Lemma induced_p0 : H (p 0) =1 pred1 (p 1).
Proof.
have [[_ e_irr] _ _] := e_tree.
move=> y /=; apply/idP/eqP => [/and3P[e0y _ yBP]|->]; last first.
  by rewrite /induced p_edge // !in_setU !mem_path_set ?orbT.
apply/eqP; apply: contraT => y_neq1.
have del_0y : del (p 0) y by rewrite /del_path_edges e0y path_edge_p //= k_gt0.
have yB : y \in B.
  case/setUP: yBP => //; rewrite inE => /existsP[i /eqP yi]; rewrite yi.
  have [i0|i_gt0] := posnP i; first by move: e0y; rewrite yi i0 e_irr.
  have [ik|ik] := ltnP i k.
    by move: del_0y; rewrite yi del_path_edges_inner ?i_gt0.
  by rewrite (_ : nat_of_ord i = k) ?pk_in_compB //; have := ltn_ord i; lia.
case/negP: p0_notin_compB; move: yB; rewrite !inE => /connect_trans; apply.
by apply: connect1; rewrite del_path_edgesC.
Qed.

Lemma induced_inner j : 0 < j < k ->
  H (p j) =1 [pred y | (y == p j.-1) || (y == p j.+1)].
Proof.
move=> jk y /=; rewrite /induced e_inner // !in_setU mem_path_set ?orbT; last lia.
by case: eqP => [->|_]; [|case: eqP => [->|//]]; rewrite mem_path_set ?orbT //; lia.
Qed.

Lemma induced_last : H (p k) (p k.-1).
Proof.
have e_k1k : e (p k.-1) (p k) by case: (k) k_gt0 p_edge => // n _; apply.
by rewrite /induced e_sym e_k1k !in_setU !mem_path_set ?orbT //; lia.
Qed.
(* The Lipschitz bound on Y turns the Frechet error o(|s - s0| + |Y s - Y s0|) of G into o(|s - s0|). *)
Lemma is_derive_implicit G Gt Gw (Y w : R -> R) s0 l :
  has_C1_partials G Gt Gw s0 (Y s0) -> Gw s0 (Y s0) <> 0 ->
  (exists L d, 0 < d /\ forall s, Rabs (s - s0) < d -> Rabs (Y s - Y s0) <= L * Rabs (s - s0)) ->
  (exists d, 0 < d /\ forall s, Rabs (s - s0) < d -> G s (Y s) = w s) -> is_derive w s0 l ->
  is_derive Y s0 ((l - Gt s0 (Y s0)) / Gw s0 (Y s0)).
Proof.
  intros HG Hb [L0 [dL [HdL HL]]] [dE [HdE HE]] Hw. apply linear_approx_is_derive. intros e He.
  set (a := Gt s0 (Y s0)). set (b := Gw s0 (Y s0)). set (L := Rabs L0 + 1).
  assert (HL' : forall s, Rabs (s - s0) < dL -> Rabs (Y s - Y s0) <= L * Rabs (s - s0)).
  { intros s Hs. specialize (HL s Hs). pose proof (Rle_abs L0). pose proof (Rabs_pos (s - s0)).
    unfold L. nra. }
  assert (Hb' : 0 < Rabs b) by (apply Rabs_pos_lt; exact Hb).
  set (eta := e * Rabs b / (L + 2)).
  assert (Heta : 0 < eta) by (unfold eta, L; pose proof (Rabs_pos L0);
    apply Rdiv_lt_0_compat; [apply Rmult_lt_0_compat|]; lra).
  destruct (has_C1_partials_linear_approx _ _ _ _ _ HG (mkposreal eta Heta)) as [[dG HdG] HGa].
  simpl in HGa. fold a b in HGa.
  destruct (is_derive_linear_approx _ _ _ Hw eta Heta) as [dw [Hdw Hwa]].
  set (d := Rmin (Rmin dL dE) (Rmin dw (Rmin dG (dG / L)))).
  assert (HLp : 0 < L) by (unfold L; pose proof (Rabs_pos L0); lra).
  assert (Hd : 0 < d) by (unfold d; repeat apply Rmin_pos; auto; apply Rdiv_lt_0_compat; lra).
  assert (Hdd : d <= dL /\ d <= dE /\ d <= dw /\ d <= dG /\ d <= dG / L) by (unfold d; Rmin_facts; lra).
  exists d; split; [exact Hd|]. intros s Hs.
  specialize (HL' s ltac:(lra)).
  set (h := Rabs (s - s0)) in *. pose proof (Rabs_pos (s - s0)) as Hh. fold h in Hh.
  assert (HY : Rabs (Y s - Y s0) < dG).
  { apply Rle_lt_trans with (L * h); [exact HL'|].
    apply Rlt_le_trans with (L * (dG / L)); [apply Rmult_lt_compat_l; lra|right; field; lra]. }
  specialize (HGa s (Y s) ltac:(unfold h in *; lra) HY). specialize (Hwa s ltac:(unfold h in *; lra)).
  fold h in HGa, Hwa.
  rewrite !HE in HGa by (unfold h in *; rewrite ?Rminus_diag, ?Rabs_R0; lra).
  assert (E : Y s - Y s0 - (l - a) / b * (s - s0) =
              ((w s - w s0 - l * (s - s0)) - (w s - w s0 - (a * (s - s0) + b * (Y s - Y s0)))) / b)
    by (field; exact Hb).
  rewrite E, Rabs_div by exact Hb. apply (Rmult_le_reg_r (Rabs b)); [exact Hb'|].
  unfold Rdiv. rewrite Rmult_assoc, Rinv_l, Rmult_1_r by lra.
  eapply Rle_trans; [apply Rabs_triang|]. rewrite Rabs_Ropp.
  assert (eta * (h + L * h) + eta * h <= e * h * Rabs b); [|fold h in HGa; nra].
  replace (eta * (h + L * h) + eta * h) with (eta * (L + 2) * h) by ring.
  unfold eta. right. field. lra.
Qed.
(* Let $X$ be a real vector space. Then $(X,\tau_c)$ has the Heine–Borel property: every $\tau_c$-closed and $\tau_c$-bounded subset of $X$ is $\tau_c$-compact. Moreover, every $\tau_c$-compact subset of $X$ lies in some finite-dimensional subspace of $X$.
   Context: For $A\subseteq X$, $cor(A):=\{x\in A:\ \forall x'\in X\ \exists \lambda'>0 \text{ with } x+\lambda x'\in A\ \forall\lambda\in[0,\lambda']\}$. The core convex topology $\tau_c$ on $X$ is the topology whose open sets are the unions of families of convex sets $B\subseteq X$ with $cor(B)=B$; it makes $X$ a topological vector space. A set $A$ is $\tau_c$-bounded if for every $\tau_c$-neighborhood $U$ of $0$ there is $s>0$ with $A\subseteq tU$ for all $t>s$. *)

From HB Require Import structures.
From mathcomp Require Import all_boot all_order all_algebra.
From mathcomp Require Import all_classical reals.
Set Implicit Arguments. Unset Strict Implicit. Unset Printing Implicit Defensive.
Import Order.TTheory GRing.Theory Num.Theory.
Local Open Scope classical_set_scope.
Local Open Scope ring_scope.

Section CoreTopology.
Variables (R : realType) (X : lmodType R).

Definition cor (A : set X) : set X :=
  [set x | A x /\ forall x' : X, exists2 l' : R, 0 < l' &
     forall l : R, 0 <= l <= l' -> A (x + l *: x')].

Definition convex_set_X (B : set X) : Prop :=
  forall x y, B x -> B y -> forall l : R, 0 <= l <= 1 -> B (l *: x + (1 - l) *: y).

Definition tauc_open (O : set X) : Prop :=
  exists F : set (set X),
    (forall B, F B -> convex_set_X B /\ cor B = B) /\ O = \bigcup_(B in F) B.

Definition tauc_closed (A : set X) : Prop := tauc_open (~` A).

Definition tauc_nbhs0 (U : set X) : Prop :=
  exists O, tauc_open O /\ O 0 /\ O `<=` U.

═══

Tally every line of the data that includes "mathcomp". Report the number and nothing more.

2